• Bombenexplosion in Jakarta: Anschlag auf Residenz des philippinischen Botschafters fordert drei Todesopfer

Politik : Bombenexplosion in Jakarta: Anschlag auf Residenz des philippinischen Botschafters fordert drei Todesopfer

Bei einem Bombenanschlag im Diplomatenviertel von Jakarta sind am Dienstag drei Menschen getötet und 23 verletzt worden. Nach Angaben der Polizei wurde eine Autobombe vor der Residenz des philippinischen Botschafters gezündet. Der Botschafter erlitt Kopfverletzungen. Ein Wachmann und zwei Passanten starben. Die Explosion hatte eine solche Wucht, dass umliegende Gebäude wackelten und Fenster zu Bruch gingen. Trümmer wurden 60 Meter weit geschleudert. Die philippinische Botschaft befindet sich zusammen mit anderen ausländischen Vertretungen in der Innenstadt von Jakarta, in einem Geschäfts- und Hotelviertel. Anderthalb Kilometer weiter befindet sich die Residenz der indonesischen Vize-Präsidentin Megawati Sukarnoputri.
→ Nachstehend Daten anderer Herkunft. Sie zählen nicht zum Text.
(* Let $t\ge 3$ and let $\mathcal{H}$ be an $n$-vertex $3$-uniform hypergraph that does not contain $K_{2,t}$ as a trace. Let $A$ be the set of edges of $\mathcal{H}$ containing at least one pair of vertices whose co-degree in $\mathcal{H}$ is $1$, and let $B=\mathcal{H}\setminus A$. For a vertex $x$, let $N_1(x)=\{z: \exists e\in B,\ \{x,z\}\subseteq e\}$ and $N_2(x)=\{z\notin N_1(x)\cup\{x\}: \exists e\in B,\ z\in e,\ e\cap N_1(x)\neq\emptyset\}$. Fix a vertex $v$, and for $u\in N_1(v)$ let $E_u=\{e\in B: e\cap N_1(v)=\{u\}\}$ and $V_u=\{w\in N_2(v): \exists e\in E_u,\ w\in e\}$. If $\{v,u,w\}\in B$ is any edge containing $v$, then $|V_u\cap V_w|\le (t-1)(6t-2)$.
   Context: A hypergraph $\mathcal{H}$ contains a graph $F$ (vertices $v_1,\dots,v_p$, edges $e_1,\dots,e_q$) as a trace if there exist distinct vertices $w_1,\dots,w_p\in V(\mathcal{H})$ and distinct edges $f_1,\dots,f_q\in E(\mathcal{H})$ such that whenever $e_i=v_\alpha v_\beta$, $f_i\cap\{w_1,\dots,w_p\}=\{w_\alpha,w_\beta\}$. The co-degree of a pair $\{x,y\}$ in $\mathcal{H}$ is the number of edges of $\mathcal{H}$ containing $\{x,y\}$. $\mathcal{H}\setminus A$ denotes the hypergraph on $V(\mathcal{H})$ with edge set $E(\mathcal{H})\setminus A$. *)

From mathcomp Require Import all_boot.
Set Implicit Arguments. Unset Strict Implicit. Unset Printing Implicit Defensive.

Definition uniform (T : finType) (k : nat) (H : {set {set T}}) : Prop :=
  forall e, e \in H -> #|e| = k.

(* A graph F with vertex type V and edge type E, each edge i having the
   (distinct) endpoints (ends i).1 and (ends i).2.  H contains F as a trace
   if there are injective maps w : V -> T and f : E -> {set T} with
   f i \in H and f i :&: w(V) = {w a, w b} where ends i = (a,b). *)
Definition contains_trace (T V E : finType) (ends : E -> V * V)
  (H : {set {set T}}) : Prop :=
  exists (w : V -> T) (f : E -> {set T}),
    [/\ injective w, injective f,
        forall i, f i \in H &
        forall i, f i :&: (w @: [set: V]) = [set w (ends i).1; w (ends i).2]].

Definition K2t_ends (t : nat) (i : 'I_2 * 'I_t) : ('I_2 + 'I_t) * ('I_2 + 'I_t) :=
  (inl i.1, inr i.2).

Definition contains_K2t_trace (T : finType) (t : nat) (H : {set {set T}}) : Prop :=
  @contains_trace T ('I_2 + 'I_t)%type ('I_2 * 'I_t)%type (@K2t_ends t) H.

Definition codeg (T : finType) (H : {set {set T}}) (x y : T) : nat :=
  #|[set e in H | (x \in e) && (y \in e)]|.

Definition setA (T : finType) (H : {set {set T}}) : {set {set T}} :=
  [set e in H | [exists x, exists y,
     [&& x != y, x \in e, y \in e & codeg H x y == 1]]].

Definition setB (T : finType) (H : {set {set T}}) : {set {set T}} :=
  H :\: setA H.

Definition N1 (T : finType) (H : {set {set T}}) (x : T) : {set T} :=
  [set z | (z != x) && [exists e in setB H, (x \in e) && (z \in e)]].

Definition N2 (T : finType) (H : {set {set T}}) (x : T) : {set T} :=
  [set z | (z \notin N1 H x) && (z != x) &&
     [exists e in setB H, (z \in e) && (e :&: N1 H x != set0)]].

Definition Eu (T : finType) (H : {set {set T}}) (v u : T) : {set {set T}} :=
  [set e in setB H | e :&: N1 H v == [set u]].

Definition Vu (T : finType) (H : {set {set T}}) (v u : T) : {set T} :=
  [set w in N2 H v | [exists e in Eu H v u, w \in e]].

From mathcomp Require Import all_boot zify.
Set Implicit Arguments. Unset Strict Implicit. Unset Printing Implicit Defensive.

(* For x in S := V_u ∩ V_w choose edges e_u(x) ∈ E_u and e_w(x) ∈ E_w through x.
   Such an edge meets N1(v) only in its centre, so it has exactly one vertex
   outside N1(v) ∪ {x}; the digraph on S sending x to the vertices of
   e_u(x) ∪ e_w(x) thus has out-degree at most 2.  Greedily deleting a vertex
   of total degree at most 4 together with its neighbours yields t pairwise
   non-adjacent x_1, ..., x_t as soon as |S| > 5(t-1), and then the edges
   e_u(x_j), e_w(x_j) form a trace of K_{2,t} with centres u and w.  Hence
   |S| <= 5(t-1) <= (t-1)(6t-2). *)


Definition independent (T : finType) (N : T -> {set T}) (X : {set T}) : Prop :=
  {in X &, forall a b, a != b -> b \notin N a}.

Lemma card_setIdx (T : finType) (S : {set T}) (P : pred T) :
  #|[set y in S | P y]| = \sum_(y in S) P y.
Proof.
rewrite -sum1_card big_mkcond [RHS]big_mkcond; apply: eq_bigr => y _.
by rewrite !inE; case: (y \in S); case: (P y).
Qed.

Section BoundedOutDegree.
Variables (T : finType) (N : T -> {set T}) (d : nat).

Lemma sum_card_in_neighbours (S : {set T}) :
  \sum_(x in S) #|[set y in S | x \in N y]| = \sum_(y in S) #|N y :&: S|.
Proof.
under eq_bigr do rewrite card_setIdx.
rewrite exchange_big; apply: eq_bigr => y _.
by rewrite -card_setIdx; apply: eq_card => z; rewrite !inE andbC.
Qed.

Lemma exists_low_total_degree (S : {set T}) :
  {in S, forall x, #|N x :&: S| <= d} -> S != set0 ->
  exists2 x, x \in S & #|N x :&: S| + #|[set y in S | x \in N y]| <= 2 * d.
Proof.
move=> outS /set0Pn[x0 x0S].
apply/exists_inP; apply/contraT; rewrite negb_exists_in => /forall_inP high.
have : \sum_(x in S) (2 * d).+1 <=
       \sum_(x in S) (#|N x :&: S| + #|[set y in S | x \in N y]|).
  by apply: leq_sum => x /high; rewrite ltnNge.
rewrite big_split /= sum_card_in_neighbours sum_nat_const.
have : \sum_(y in S) #|N y :&: S| <= #|S| * d by rewrite -sum_nat_const; exact: leq_sum.
have : 0 < #|S| by apply/card_gt0P; exists x0.
nia.
Qed.

Lemma independentU1 (x : T) (X : {set T}) :
  independent N X -> {in X, forall y, y \notin N x /\ x \notin N y} ->
  independent N (x |: X).
Proof.
move=> indX away a b; rewrite !in_setU1.
case/orP=> [/eqP->|aX] /orP[/eqP->|bX]; rewrite ?eqxx //.
- by case: (away b bX).
- by case: (away a aX).
- exact: indX.
Qed.

Lemma exists_independent_subset (k : nat) (S : {set T}) :
  {in S, forall x, #|N x :&: S| <= d} -> (2 * d).+1 * k < #|S| ->
  exists X : {set T}, [/\ X \subset S, #|X| = k.+1 & independent N X].
Proof.
elim: k S => [|k IH] S outS bigS.
  have [x xS] : exists x, x \in S by apply/card_gt0P; rewrite -(muln0 (2 * d).+1).
  exists [set x]; split; rewrite ?sub1set ?cards1 //.
  by move=> a b /set1P-> /set1P->; rewrite eqxx.
have [|x xS lowx] := exists_low_total_degree outS.
  by rewrite -card_gt0; apply: leq_ltn_trans bigS.
pose R := x |: ((N x :&: S) :|: [set y in S | x \in N y]).
have cardR : #|R| <= (2 * d).+1 by rewrite cardsU1 cardsU; lia.
have outSR : {in S :\: R, forall y, #|N y :&: (S :\: R)| <= d}.
  move=> y /setDP[yS _]; apply: leq_trans (outS y yS).
  by apply/subset_leq_card/setIS/subsetDl.
have bigSR : (2 * d).+1 * k < #|S :\: R|.
  have : #|S :&: R| <= #|R| by apply/subset_leq_card/subsetIr.
  rewrite cardsD; lia.
have [X [subX cardX indX]] := IH _ outSR bigSR.
have XnotR y : y \in X -> y \in S /\ y \notin R by move/(subsetP subX)/setDP.
exists (x |: X); split.
- by rewrite subUset sub1set xS (subset_trans subX) ?subsetDl.
- have xX : x \notin X by apply/negP => /XnotR[_]; rewrite setU11.
  by rewrite cardsU1 xX cardX.
- apply: independentU1 => // y /XnotR[yS]; rewrite !inE yS andbT negb_or.
  by case/andP=> _ /norP[].
Qed.

End BoundedOutDegree.

Lemma card_set3_neq (T : finType) (a b c : T) :
  #|[set a; b; c]| = 3 -> [/\ a != b, a != c & b != c].
Proof.
rewrite -setUA cardsU1 cards2 in_set2 negb_or.
by case: (a != b); case: (a != c); case: (b != c).
Qed.

Lemma K2t_trace_of_edges (T : finType) (t : nat) (H : {set {set T}})
    (c : 'I_2 -> T) (x : 'I_t -> T) (g : 'I_2 -> T -> {set T}) :
    injective c -> (forall i j, c i != x j) ->
    (forall i j, g i (x j) \in H) ->
    (forall i j, c i \in g i (x j)) -> (forall i j, x j \in g i (x j)) ->
    (forall i i' j, c i' \in g i (x j) -> i' = i) ->
    (forall i j j', x j' \in g i (x j) -> j' = j) ->
  contains_K2t_trace t H.
Proof.
move=> c_inj c_x gH c_g x_g g_c g_x.
have x_inj : injective x by move=> j j' xjj'; apply: (g_x ord0); rewrite -xjj'.
pose w p := match p with inl i => c i | inr j => x j end.
exists w, (fun p => g p.1 (x p.2)); split.
- case=> [i|j] [i'|j'] /= eq_w; first by rewrite (c_inj _ _ eq_w).
  + by have := c_x i j'; rewrite eq_w eqxx.
  + by have := c_x i' j; rewrite eq_w eqxx.
  + by rewrite (x_inj _ _ eq_w).
- case=> i j [i' j'] /= eq_g.
  have ii' : i' = i by apply: (g_c i i' j); rewrite eq_g.
  by subst i'; congr (_, _); apply: (g_x i j' j); rewrite -eq_g.
- by case=> i j; apply: gH.
case=> i j; apply/setP => z; rewrite /K2t_ends /= in_setI.
apply/andP/set2P => [[zg /imsetP[p _ zw]]|[]->].
- subst z; case: p zg => [i'|j'] /= zg.
  + by left; rewrite (g_c _ _ _ zg).
  + by right; rewrite (g_x _ _ _ zg).
- by split; [apply: c_g | apply/imsetP; exists (inl i); rewrite ?in_setT].
- by split; [apply: x_g | apply/imsetP; exists (inr j); rewrite ?in_setT].
Qed.

Lemma mem_N1 (T : finType) (H : {set {set T}}) (e : {set T}) (x z : T) :
  e \in setB H -> x \in e -> z \in e -> z != x -> z \in N1 H x.
Proof.
by move=> eB xe ze zx; rewrite inE zx; apply/exists_inP; exists e; rewrite ?xe.
Qed.

Section Neighbourhoods.
Variables (T : finType) (H : {set {set T}}) (v : T).

Definition Eu_edge (a x : T) : {set T} := odflt set0 [pick e in Eu H v a | x \in e].

Lemma Eu_edge_in_Eu (a x : T) : x \in Vu H v a -> Eu_edge a x \in Eu H v a.
Proof.
case/setIdP=> _ /exists_inP[e eE xe]; rewrite /Eu_edge.
by case: pickP => [e' /andP[]//|/(_ e)]; rewrite eE xe.
Qed.

Lemma mem_Eu_edge (a x : T) : x \in Vu H v a -> x \in Eu_edge a x.
Proof.
case/setIdP=> _ /exists_inP[e eE xe]; rewrite /Eu_edge.
by case: pickP => [e' /andP[]//|/(_ e)]; rewrite eE xe.
Qed.

Lemma Eu_sub (a : T) : Eu H v a \subset H.
Proof. by apply/subsetP => e /setIdP[/setDP[]]. Qed.

Lemma mem_Eu_N1 (a z : T) (e : {set T}) :
  e \in Eu H v a -> (z \in e) && (z \in N1 H v) = (z == a).
Proof. by case/setIdP=> _ /eqP eN1; rewrite -in_setI eN1 inE. Qed.

Lemma Vu_notin_N1 (a x : T) : x \in Vu H v a -> x \notin N1 H v.
Proof. by rewrite !inE => /andP[/andP[/andP[]]]. Qed.

Hypothesis H3 : uniform 3 H.

Lemma card_Eu_off_N1 (a x : T) (e : {set T}) :
  e \in Eu H v a -> x \in e -> x \notin N1 H v -> #|e :\: (x |: N1 H v)| = 1.
Proof.
move=> eE xe xN1.
have := mem_Eu_N1 a eE; rewrite eqxx => /andP[ae aN1].
rewrite cardsD (H3 (subsetP (Eu_sub a) _ eE)).
have -> : e :&: (x |: N1 H v) = [set x; a].
  apply/setP => z; rewrite in_setI in_setU1 in_set2 -(mem_Eu_N1 z eE).
  by case: eqP => [->|_]; rewrite ?xe.
rewrite cards2.
by case: eqP => // xa; move: xN1; rewrite xa aN1.
Qed.

Lemma card_Eu_edges_off_N1 (a b x : T) :
  x \in Vu H v a -> x \in Vu H v b ->
  #|(Eu_edge a x :|: Eu_edge b x) :\: (x |: N1 H v)| <= 2.
Proof.
move=> xa xb; rewrite setDUl; apply: leq_trans (leq_card_setU _ _) _.
have xN1 := Vu_notin_N1 xa.
rewrite (card_Eu_off_N1 (Eu_edge_in_Eu xa) (mem_Eu_edge xa) xN1).
by rewrite (card_Eu_off_N1 (Eu_edge_in_Eu xb) (mem_Eu_edge xb) xN1).
Qed.

Lemma card_Vu_meet_le (t : nat) (u w : T) :
  0 < t -> ~ contains_K2t_trace t H ->
  u \in N1 H v -> w \in N1 H v -> u != w ->
  #|Vu H v u :&: Vu H v w| <= 5 * t.-1.
Proof.
move=> t_gt0 noK uN1 wN1 uw; rewrite leqNgt; apply/negP => big; apply: noK.
pose S := Vu H v u :&: Vu H v w.
pose N x := (Eu_edge u x :|: Eu_edge w x) :\: (x |: N1 H v).
have outS : {in S, forall x, #|N x :&: S| <= 2}.
  move=> x /setIP[xu xw]; apply: leq_trans (card_Eu_edges_off_N1 xu xw).
  exact/subset_leq_card/subsetIl.
have [X [XS cardX indX]] := exists_independent_subset outS big.
rewrite prednK // in cardX.
pose x (j : 'I_t) := enum_val (cast_ord (esym cardX) j).
pose c := tnth [tuple u; w].
have c_uw i : c i = u \/ c i = w.
  by have := mem_tnth i [tuple u; w]; rewrite !inE => /orP[]/eqP; [left|right].
have xS j : x j \in S by apply: (subsetP XS); apply: enum_valP.
have xV i j : x j \in Vu H v (c i) by case/setIP: (xS j); case: (c_uw i) => ->.
have cN1 i : c i \in N1 H v by case: (c_uw i) => ->.
have c_inj : injective c by apply/tuple_uniqP; rewrite /= inE andbT.
apply: (K2t_trace_of_edges c_inj (x := x) (g := fun i => Eu_edge (c i)))
  => // [i j|i j|i j|i j|i i' j|i j j'].
- by apply: contraNneq (Vu_notin_N1 (xV i j)) => <-.
- exact: subsetP (Eu_sub (c i)) _ (Eu_edge_in_Eu (xV i j)).
- by have := mem_Eu_N1 (c i) (Eu_edge_in_Eu (xV i j)); rewrite eqxx => /andP[].
- exact: mem_Eu_edge.
- move=> ci'_g; apply: c_inj; apply/eqP.
  by rewrite -(mem_Eu_N1 _ (Eu_edge_in_Eu (xV i j))) ci'_g cN1.
- move=> xj'_g; apply: contraTeq xj'_g => j'j.
  have xjj' : x j != x j' by apply: contra j'j => /eqP/enum_val_inj/cast_ord_inj->.
  apply: contra (indX _ _ (enum_valP _) (enum_valP _) xjj') => xj'_g.
  change (x j' \in N (x j)); rewrite in_setD in_setU1 in_setU (eq_sym (x j')).
  rewrite (negbTE xjj') (negbTE (Vu_notin_N1 (xV i j'))).
  by case: (c_uw i) xj'_g => -> ->; rewrite ?orbT.
Qed.

End Neighbourhoods.

Theorem mainTheorem6 (T : finType) (t : nat) (H : {set {set T}}) :
  3 <= t ->
  uniform 3 H ->
  ~ contains_K2t_trace t H ->
  forall v u w : T, [set v; u; w] \in setB H ->
    #|Vu H v u :&: Vu H v w| <= (t - 1) * (6 * t - 2).
Proof.
move=> t_ge3 H3 noK v u w eB.
have eH : [set v; u; w] \in H by case/setDP: eB.
have [vu vw uw] := card_set3_neq (H3 _ eH).
have uN1 : u \in N1 H v by apply: mem_N1 eB _ _ _; rewrite ?inE ?eqxx ?orbT // eq_sym.
have wN1 : w \in N1 H v by apply: mem_N1 eB _ _ _; rewrite ?inE ?eqxx ?orbT // eq_sym.
apply: leq_trans (card_Vu_meet_le H3 _ noK uN1 wN1 uw) _; nia.
Qed.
Nach Angaben der philippinischen Regierung handelte es sich bei dem Attentat um den ersten Anschlag auf philippinische Diplomaten im Ausland überhaupt.

Der indonesische Präsident Abdurrahman Wahid brachte den Anschlag mit dem Kampf moslemischer Rebellen im Süden der Philippinen in Verbindung.

Die größte moslemische Guerilla-Organisation der Philippinen, die islamische Befreiungsfront Moro (MILF), dementierte umgehend, hinter dem Anschlag zu stecken. Die Gruppe war beschuldigt worden, eine Anschlagserie auf den Philippinen ausgeführt zu haben. Dabei waren Sprengsätze auch in Einkaufszentren Manilas gezündet worden.

Die moslemische Rebellengruppe Abu Sayyaf, die auf der philippinischen Insel Jolo weiter 17 Geiseln in ihrer Gewalt hält, äußerte sich zu dem Anschlag bislang nicht. In der Geiselkrise wollen die Kidnapper laut Chefvermittler Roberto Aventajado nun jedoch über die Freilassung aller Entführten verhandeln. Er halte es für möglich, dass sämtliche Geiseln innerhalb von zwei Wochen frei kämen, sagte er am Dienstag. Zuvor hatten die Entführer der Freilassung von nur vier weiblichen Gefangenen Vorrang eingeräumt. Nach Angaben der Sicherheitsbehörden auf Jolo hat die Rebellengruppe Abu Sayyaf von dem bisher gezahlten Lösegeld in Millionenhöhe mindestens 1000 Gewehre gekauft.